Bütün bunlar olmuş ve olanlardan utanç duyulmamıştır. Utanç artık lügatlerimizi terk eden bir kelimedir; öyle uzak bir vadiye fırlatılmıştır ki utanç, çağrımızı artık hiç duymamaktadır.
Gözbağlama ve algı yönetimi, siyasal İslâm’ın mevcut aktörlerinin en başarılı olduğu alandır. Osmanlı hasretiyle yanan ancak neye yandığının çok da farkında olmayan bir kitle, yirmi yıldır dinsizlik cereyanı korkularıyla elde tutulabilmiş, taht sallanmamıştır.
…
6 Şubat depreminden sonra, ülkemin Güneydoğusundan gelen rüzgar iktidar elitlerinin kalbe sığmaz, vicdana uymaz densizlikleri karşısında halkın kendisinden beklenen reaksiyonu göstermediğini işaretliyordu. Bu rüzgar çok da şaşırtmadı bizi. Depremden kurtulup soğuktan ölen yurttaşların yakınlarının kader algısı, bu insanların yüreğini ne denli ısıttı bilemiyoruz. Depremden bir ay sonra bile sığınıcak bir damdan yoksun olanlar hâlâ kutsal devletlerinin haşmetli temsilcileriyle ilgili ne düşünüyor ve eylemlerini ne denli savunuyor, bunu da çok bilemiyoruz.
Güneydoğulu yurttaşlarımız ne düşünürse düşünsün, halkımızın böylesine korkunç bir felakette sağladığı birlik umutlarımıza fer verdi. Başımızda hangi tufan eserse essin, bu coğrafyanın bağrında gelişen insan dokusuna dair umutlarımız yeniden yeşerdi. Aslında somut gerçeklikten hareket etmiyor, sezgilerimizin önderliğinde yol alıyorduk. Güç yetiremediklerimizi kabul edip kendi eylemlerimize odaklandık. Bu hâlimizi sükûnetle seyreden gökyüzü de ketumdu, eylemlerimizi alıp kabul ediyor fakat renk vermiyordu.
Ne olduysa Akşener’in tarihsel tekmesiyle oldu.
Aynaya pek bakmayan, olup biten her şeyi kaydetmeyen fakat aslında zannedildiği kadar da unutkan olmayan milletimiz sonunda kükredi.
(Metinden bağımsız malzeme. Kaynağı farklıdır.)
Lemma union_drop_two N keep F i i' :
  (forall j, (j < S (S N))%nat -> keep j -> cyc_interval (F j)) ->
  (i < i' < S (S N))%nat -> ~ keep i -> ~ keep i' ->
  union_at_most N (kept_union (S (S N)) keep F).
Proof.
  intros HF Hii Ki Ki'.
  apply (union_at_most_ext N
           (kept_union (S N) (fun k => keep (skip i' k)) (fun k => F (skip i' k)))).
  - intros t; symmetry; apply kept_union_skip; [lia | auto].
  - apply (union_drop_one N _ _ i).
    + intros k Hk; apply HF, skip_range, Hk.
    + lia.
    + unfold skip; destruct (Nat.ltb_spec i i'); [auto | lia].
Qed.

Definition run_to (A : R -> Prop) (e t : R) : Prop := t <= e /\ forall s, t <= s <= e -> A s.
Definition run_from0 (A : R -> Prop) (t : R) : Prop := 0 <= t /\ forall s, 0 <= s <= t -> A s.
Definition wrap (A : R -> Prop) (t : R) : Prop := run_to A 1 t \/ run_from0 A t.

Lemma run_to_convex A e : convex (run_to A e).
Proof. intros x y z [_ Hx] [Hye _] Hz; split; [lra|]; intros s Hs; apply Hx; lra. Qed.

Lemma run_from0_convex A : convex (run_from0 A).
Proof. intros x y z [Hx0 _] [_ Hy] Hz; split; [lra|]; intros s Hs; apply Hy; lra. Qed.

Lemma run_to_sub A e t : run_to A e t -> A t.
Proof. intros [Hte H]; apply H; lra. Qed.

Lemma wrap_sub A t : wrap A t -> A t.
Proof. intros [Ht | [Ht0 H]]; [apply (run_to_sub A 1), Ht | apply H; lra]. Qed.

(* The arc through 0 = 1 is a cyclic interval: a genuine wrap-around when 0 and
   1 both lie in A, an ordinary interval otherwise. *)
Lemma wrap_cyc A : (forall t, A t -> 0 <= t <= 1) -> cyc_interval (wrap A).
Proof.
  intros HA.
  assert (Hsub : forall t, wrap A t -> 0 <= t <= 1) by (intros t Ht; apply HA, wrap_sub, Ht).
  destruct (classic (A 0)) as [A0|A0]; [destruct (classic (A 1)) as [A1|A1]|].
  - split; [exact Hsub|]; right; exists (run_from0 A), (run_to A 1).
    split; [apply run_from0_convex|]; split; [apply run_to_convex|].
    split; [split; [lra | intros s Hs; replace s with 0 by lra; exact A0]|].
    split; [split; [lra | intros s Hs; replace s with 1 by lra; exact A1]|].
    intros t; unfold wrap; tauto.
  - apply (cyc_interval_ext (run_from0 A)).
    + intros t; unfold wrap; split; [tauto|]; intros [[Ht H]|Ht]; [|exact Ht].
      exfalso; apply A1, H; pose proof (HA t (H t ltac:(lra))); lra.
    + apply convex_cyc; [intros t [Ht H]; apply HA, H; lra | apply run_from0_convex].
  - apply (cyc_interval_ext (run_to A 1)).
    + intros t; unfold wrap; split; [tauto|]; intros [Ht|[Ht H]]; [exact Ht|].
      exfalso; apply A0, H; lra.
    + apply convex_cyc; [intros t Ht; apply HA, (run_to_sub A 1), Ht | apply run_to_convex].
Qed.

Section Pieces.

Variables (L : nat) (b : nat -> R) (A : R -> Prop).
Hypothesis A_unit : forall t, A t -> 0 <= t <= 1.
Hypothesis b_le1 : forall l, (l < L)%nat -> b l <= 1.
Hypothesis b_mono : nondecr L b.

Definition bnd (l : nat) : R := if (l <? L)%nat then b l else 1.

Hypothesis A_piece_upclosed : forall l t s, (l <= L)%nat ->
  (forall j, (j < l)%nat -> b j < t) -> A t -> t <= s <= bnd l -> A s.

Lemma bnd_lt l : (l < L)%nat -> bnd l = b l.
Proof. intros H; unfold bnd; destruct (Nat.ltb_spec l L); [reflexivity | lia]. Qed.

Lemma bnd_ge l : (L <= l)%nat -> bnd l = 1.
Proof. intros H; unfold bnd; destruct (Nat.ltb_spec l L); [lia | reflexivity]. Qed.

Lemma bnd_le1 l : bnd l <= 1.
Proof.
  destruct (Nat.lt_ge_cases l L); [rewrite bnd_lt by auto; apply b_le1, H | rewrite bnd_ge by auto; lra].
Qed.

Lemma bnd_le_b l k : (l < k < L)%nat -> bnd (S l) <= b k.
Proof. intros H; rewrite bnd_lt by lia; apply b_mono; lia. Qed.

Lemma b_le_bnd l : (l < L)%nat -> b l <= bnd (S l).
Proof.
  intros H; destruct (Nat.lt_ge_cases (S l) L).
  - rewrite bnd_lt by lia; apply b_mono; lia.
  - rewrite bnd_ge by lia; apply b_le1, H.
Qed.

Definition gap_after (l : nat) : Prop := exists s, b l < s <= bnd (S l) /\ ~ A s.
Definition gap_below (l : nat) : Prop := exists u, 0 <= u <= b l /\ ~ A u.

Definition member (j : nat) : R -> Prop :=
  match j with O => wrap A | S l => run_to A (b l) end.

Definition essential (j : nat) : Prop :=
  match j with O => A 0 \/ A 1 | S l => A (b l) /\ gap_after l /\ gap_below l end.

Lemma gap_after_strict l : (S l < L)%nat -> gap_after l -> b l < b (S l).
Proof. intros Hl [s [Hs _]]; rewrite bnd_lt in Hs by exact Hl; lra. Qed.

Lemma member_cyc j : cyc_interval (member j).
Proof.
  destruct j as [|l]; [apply wrap_cyc, A_unit|].
  apply convex_cyc; [intros t Ht; apply A_unit, (run_to_sub A (b l)), Ht | apply run_to_convex].
Qed.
Bu kükreyiş hep özlediğimiz ve beklediğimizdi.
KHK zulmünde çıkmayan sesler, KHK’lı intiharlarından kıpırdanmayan vicdanlar artık harekete geçmişti.
Hep dediğimiz ancak pek çoğumuz tarafından pek de inanılmayan oldu: Siyasiler yirmi dört saatte derlenip toparlandı, milletin huzurunda edep ve saygıyla arz-ı endam etti.
Yedi yıldır zulüm çukurlarında inleyen yurttaşın sesi hiç duyulmamıştı, çünkü mazlum yeni darbeler yemekten korkmuş, cesaretle haykıramamıştı.
Fakat son umut halesini kaybetme noktasına gelindiğinde kitlesel bir haykırış patlak verdi. Bu haykırış kaybettiğimiz onurumuzu hepimize bulduracak kadar güçlüydü.
…
Şimdiden sonra korkma sırası zalimlerdedir.
Biz muhalif yurttaşlar ve ülkenin yeni yönetim erkine talip olan siyasiler artık korku zilletini aşmıştır.
Mevcut tabloya imzasını atan tek kalem vardır: Halk…
Hep olduğu gibi, halkın attığı imzanın üstünde başka bir imza yoktur ve halktan daha güçlü olmak imkansızdır.
“Bu makale yazarının görüşlerini yansıtır. Gazete Davul’un yayın politikası ve editoryal bakış açısı ile her zaman uyumlu olmak zorunda değildir.”